BEGIN Records for the task
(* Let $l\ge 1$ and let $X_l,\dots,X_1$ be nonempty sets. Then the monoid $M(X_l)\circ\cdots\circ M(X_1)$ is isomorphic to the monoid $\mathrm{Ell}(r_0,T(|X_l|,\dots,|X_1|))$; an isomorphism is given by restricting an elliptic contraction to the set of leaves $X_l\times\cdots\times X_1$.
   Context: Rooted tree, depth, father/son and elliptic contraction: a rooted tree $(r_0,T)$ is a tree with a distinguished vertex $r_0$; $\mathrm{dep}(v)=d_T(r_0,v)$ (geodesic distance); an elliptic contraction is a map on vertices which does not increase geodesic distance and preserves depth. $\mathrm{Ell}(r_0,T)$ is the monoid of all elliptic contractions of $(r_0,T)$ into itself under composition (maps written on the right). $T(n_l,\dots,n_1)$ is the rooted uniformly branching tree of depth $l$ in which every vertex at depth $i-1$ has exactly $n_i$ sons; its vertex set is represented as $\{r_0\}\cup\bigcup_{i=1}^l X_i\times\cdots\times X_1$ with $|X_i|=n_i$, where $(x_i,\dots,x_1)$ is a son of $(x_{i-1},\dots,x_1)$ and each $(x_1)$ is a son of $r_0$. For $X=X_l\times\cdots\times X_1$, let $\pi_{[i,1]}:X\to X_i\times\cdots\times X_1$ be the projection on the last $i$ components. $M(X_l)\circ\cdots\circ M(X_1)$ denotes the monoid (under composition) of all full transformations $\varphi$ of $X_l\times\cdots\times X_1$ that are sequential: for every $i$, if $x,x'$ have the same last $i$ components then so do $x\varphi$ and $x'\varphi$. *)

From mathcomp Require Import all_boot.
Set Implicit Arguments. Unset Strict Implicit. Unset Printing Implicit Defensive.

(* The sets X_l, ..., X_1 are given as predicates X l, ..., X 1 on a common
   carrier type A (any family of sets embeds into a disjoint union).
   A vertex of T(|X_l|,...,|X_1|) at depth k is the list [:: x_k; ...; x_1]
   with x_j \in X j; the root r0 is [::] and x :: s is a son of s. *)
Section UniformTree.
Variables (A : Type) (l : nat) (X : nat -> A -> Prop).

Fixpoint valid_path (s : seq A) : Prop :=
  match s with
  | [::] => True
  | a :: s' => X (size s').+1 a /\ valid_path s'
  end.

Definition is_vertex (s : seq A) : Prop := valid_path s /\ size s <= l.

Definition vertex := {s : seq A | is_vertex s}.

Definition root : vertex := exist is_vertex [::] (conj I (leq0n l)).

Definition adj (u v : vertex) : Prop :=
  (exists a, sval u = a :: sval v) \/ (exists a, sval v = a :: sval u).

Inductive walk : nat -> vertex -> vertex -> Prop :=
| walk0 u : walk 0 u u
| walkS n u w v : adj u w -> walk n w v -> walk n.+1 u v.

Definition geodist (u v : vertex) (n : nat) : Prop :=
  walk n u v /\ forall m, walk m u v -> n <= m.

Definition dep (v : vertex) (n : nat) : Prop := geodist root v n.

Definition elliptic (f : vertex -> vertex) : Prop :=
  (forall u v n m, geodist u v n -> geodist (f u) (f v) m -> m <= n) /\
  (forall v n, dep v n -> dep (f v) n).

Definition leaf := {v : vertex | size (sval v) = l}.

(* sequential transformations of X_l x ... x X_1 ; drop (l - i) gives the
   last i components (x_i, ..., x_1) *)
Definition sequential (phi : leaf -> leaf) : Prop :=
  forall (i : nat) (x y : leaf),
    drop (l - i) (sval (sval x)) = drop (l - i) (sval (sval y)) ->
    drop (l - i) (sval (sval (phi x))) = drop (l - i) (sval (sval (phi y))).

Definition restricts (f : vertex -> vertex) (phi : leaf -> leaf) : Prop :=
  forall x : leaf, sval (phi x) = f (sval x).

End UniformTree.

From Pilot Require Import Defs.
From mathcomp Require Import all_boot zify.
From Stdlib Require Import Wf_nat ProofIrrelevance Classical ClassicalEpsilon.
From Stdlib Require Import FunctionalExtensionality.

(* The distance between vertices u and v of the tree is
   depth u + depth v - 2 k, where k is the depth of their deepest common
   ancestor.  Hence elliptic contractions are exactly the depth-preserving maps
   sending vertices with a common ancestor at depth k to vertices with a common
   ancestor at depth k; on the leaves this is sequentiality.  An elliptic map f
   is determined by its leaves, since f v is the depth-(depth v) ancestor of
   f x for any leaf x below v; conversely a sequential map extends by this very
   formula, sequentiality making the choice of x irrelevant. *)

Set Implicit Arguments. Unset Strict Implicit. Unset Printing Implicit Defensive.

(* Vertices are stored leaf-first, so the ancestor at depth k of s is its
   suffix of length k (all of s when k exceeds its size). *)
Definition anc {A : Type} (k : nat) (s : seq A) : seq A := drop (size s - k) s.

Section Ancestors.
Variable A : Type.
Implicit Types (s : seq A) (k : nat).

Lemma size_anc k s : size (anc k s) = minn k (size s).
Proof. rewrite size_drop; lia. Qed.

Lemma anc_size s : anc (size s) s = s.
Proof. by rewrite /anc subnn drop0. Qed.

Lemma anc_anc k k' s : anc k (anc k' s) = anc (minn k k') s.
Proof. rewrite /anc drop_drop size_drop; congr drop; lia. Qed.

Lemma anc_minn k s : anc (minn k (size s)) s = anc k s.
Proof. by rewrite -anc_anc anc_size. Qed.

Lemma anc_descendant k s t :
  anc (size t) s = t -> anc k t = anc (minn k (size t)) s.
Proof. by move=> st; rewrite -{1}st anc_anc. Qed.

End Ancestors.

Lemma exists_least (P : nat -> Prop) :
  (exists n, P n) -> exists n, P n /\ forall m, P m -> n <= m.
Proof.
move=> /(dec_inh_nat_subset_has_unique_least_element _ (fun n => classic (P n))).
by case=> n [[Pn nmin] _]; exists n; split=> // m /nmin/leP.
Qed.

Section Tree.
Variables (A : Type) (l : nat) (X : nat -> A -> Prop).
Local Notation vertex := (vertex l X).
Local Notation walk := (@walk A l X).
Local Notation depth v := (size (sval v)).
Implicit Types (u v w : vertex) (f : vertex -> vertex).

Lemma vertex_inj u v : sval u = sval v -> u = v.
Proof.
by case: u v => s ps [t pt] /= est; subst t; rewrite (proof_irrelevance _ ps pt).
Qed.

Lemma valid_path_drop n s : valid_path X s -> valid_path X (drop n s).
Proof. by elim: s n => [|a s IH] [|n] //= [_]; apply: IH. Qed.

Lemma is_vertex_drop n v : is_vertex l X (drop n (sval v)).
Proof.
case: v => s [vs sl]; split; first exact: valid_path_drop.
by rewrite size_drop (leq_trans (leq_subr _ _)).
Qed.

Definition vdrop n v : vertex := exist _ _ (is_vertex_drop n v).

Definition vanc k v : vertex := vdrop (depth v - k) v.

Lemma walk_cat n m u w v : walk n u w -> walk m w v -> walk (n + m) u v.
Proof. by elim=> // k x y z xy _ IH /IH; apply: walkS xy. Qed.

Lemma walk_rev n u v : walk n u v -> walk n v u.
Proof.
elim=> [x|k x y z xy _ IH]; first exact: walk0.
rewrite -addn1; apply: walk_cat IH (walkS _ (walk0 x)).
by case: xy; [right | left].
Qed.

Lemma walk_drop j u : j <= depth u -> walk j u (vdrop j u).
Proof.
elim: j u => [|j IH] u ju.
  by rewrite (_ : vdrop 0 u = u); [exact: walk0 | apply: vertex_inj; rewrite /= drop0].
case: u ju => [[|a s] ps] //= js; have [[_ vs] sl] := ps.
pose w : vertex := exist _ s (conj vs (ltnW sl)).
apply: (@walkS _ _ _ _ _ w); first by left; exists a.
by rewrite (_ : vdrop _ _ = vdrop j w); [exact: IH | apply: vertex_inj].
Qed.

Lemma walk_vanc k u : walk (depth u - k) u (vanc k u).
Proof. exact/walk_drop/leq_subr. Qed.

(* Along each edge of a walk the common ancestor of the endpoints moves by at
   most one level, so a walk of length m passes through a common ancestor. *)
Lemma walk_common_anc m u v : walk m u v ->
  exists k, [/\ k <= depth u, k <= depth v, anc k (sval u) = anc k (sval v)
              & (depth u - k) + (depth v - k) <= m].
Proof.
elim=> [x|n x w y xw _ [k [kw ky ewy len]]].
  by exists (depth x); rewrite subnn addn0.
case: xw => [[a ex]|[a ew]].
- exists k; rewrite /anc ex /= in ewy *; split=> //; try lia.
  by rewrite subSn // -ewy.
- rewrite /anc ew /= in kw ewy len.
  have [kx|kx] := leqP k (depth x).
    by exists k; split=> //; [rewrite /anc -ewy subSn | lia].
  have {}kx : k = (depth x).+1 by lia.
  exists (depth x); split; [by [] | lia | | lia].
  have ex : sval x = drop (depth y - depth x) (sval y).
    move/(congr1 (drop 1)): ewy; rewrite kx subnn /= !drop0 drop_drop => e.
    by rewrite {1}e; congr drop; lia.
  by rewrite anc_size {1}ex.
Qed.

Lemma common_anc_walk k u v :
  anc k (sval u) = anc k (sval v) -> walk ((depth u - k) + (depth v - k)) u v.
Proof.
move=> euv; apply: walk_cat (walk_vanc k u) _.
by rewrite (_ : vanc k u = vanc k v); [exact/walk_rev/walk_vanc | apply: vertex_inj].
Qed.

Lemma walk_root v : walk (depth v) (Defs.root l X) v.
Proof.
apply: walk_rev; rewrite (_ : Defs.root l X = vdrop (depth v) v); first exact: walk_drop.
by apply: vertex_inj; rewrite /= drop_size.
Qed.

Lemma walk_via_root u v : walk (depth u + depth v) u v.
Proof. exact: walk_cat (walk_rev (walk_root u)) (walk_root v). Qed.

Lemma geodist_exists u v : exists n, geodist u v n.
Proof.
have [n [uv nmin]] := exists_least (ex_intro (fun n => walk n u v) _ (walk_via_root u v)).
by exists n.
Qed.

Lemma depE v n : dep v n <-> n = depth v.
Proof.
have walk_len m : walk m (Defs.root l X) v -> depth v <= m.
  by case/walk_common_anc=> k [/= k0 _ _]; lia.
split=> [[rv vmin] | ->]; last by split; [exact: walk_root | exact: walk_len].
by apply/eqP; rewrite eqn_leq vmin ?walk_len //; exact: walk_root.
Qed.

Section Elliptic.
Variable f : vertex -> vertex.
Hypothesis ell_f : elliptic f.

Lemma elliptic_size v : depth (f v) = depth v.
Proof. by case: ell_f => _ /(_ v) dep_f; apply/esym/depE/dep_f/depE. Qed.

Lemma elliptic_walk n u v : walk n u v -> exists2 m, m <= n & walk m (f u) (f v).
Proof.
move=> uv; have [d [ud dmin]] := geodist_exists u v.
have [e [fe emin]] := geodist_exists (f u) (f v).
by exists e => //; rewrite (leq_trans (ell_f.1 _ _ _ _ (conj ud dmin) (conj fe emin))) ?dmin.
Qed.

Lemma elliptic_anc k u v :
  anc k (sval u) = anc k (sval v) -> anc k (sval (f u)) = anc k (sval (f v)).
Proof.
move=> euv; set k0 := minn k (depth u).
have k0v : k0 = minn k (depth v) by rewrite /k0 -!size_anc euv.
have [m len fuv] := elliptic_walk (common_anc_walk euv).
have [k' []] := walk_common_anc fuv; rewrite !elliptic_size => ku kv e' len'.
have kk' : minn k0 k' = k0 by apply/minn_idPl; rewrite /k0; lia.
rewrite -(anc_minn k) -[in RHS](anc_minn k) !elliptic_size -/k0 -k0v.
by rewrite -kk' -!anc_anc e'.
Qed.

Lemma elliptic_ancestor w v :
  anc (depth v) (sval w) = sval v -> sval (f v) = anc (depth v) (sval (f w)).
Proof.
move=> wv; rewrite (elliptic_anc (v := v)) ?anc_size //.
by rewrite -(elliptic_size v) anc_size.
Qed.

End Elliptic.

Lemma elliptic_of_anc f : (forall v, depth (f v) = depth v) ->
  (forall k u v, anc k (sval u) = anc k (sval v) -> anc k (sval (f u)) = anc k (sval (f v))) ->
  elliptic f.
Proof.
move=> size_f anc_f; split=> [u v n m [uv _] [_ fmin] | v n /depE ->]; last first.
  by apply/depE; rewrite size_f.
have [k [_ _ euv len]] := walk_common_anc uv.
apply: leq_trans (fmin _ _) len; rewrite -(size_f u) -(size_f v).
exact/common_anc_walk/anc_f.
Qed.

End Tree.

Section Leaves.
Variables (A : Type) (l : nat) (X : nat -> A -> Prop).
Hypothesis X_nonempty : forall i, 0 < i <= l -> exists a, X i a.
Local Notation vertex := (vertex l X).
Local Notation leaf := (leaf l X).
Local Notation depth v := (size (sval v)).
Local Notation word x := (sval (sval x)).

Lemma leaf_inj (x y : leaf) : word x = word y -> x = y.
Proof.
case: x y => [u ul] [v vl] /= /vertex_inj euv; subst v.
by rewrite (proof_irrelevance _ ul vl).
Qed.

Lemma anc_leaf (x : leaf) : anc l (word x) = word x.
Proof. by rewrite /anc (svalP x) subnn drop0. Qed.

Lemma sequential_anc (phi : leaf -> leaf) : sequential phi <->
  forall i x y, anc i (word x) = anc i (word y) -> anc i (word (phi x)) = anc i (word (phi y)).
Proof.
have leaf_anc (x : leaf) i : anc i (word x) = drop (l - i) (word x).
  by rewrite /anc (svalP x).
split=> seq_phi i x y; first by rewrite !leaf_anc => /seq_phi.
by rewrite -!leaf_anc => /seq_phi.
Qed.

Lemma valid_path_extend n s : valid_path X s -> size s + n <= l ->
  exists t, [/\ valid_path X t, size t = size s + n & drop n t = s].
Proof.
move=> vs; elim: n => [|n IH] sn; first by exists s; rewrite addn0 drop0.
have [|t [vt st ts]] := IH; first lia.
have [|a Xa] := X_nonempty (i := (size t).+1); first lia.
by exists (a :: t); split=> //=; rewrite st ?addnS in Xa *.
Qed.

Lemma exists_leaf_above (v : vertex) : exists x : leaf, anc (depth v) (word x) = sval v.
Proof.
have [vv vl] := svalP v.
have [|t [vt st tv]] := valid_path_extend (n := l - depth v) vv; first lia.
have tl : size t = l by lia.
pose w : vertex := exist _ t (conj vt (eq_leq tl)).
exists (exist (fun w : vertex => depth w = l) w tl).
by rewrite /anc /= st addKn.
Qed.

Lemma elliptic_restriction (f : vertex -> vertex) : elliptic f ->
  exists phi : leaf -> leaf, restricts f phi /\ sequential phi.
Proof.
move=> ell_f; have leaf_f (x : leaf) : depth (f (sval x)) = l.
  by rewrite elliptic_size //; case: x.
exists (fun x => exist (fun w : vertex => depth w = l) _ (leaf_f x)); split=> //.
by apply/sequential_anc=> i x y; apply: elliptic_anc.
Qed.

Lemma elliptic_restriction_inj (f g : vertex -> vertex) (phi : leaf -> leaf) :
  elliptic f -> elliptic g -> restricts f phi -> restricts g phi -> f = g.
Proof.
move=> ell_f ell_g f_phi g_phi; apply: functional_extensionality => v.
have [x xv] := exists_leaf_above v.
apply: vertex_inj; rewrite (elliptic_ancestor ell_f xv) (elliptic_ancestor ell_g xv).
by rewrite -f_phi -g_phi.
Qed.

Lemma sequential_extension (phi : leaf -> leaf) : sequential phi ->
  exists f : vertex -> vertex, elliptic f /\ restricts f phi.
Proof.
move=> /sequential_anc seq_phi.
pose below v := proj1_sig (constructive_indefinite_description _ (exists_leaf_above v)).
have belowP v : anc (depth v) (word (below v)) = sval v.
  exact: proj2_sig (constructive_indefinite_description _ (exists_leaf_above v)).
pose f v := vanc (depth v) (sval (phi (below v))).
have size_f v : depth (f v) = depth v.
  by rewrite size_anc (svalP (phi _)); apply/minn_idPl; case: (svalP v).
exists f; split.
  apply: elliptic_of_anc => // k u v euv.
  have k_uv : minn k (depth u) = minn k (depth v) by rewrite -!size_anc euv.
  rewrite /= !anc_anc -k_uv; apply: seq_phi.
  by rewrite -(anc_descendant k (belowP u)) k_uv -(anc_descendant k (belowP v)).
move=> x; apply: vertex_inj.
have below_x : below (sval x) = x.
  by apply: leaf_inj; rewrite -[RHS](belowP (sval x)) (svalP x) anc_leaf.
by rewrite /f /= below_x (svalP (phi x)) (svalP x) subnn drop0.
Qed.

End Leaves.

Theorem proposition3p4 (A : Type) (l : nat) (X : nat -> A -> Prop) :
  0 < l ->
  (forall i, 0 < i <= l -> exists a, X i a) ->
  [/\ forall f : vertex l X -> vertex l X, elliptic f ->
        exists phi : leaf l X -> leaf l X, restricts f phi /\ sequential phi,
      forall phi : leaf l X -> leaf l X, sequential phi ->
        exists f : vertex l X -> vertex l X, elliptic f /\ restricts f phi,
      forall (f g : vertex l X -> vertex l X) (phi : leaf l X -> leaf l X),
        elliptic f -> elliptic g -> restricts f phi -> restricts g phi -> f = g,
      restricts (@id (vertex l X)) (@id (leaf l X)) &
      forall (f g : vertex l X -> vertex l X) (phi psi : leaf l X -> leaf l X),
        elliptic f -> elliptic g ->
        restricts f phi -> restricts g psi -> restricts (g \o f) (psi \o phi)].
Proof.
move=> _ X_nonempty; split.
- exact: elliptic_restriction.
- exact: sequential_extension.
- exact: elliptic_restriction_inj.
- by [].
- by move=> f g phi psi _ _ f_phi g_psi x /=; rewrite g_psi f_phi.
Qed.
END Records for the task
Select and copy each line from the data that includes the word "Import".

From mathcomp Require Import all_boot.
From Pilot Require Import Defs.
From mathcomp Require Import all_boot zify.
From Stdlib Require Import Wf_nat ProofIrrelevance Classical ClassicalEpsilon.
From Stdlib Require Import FunctionalExtensionality.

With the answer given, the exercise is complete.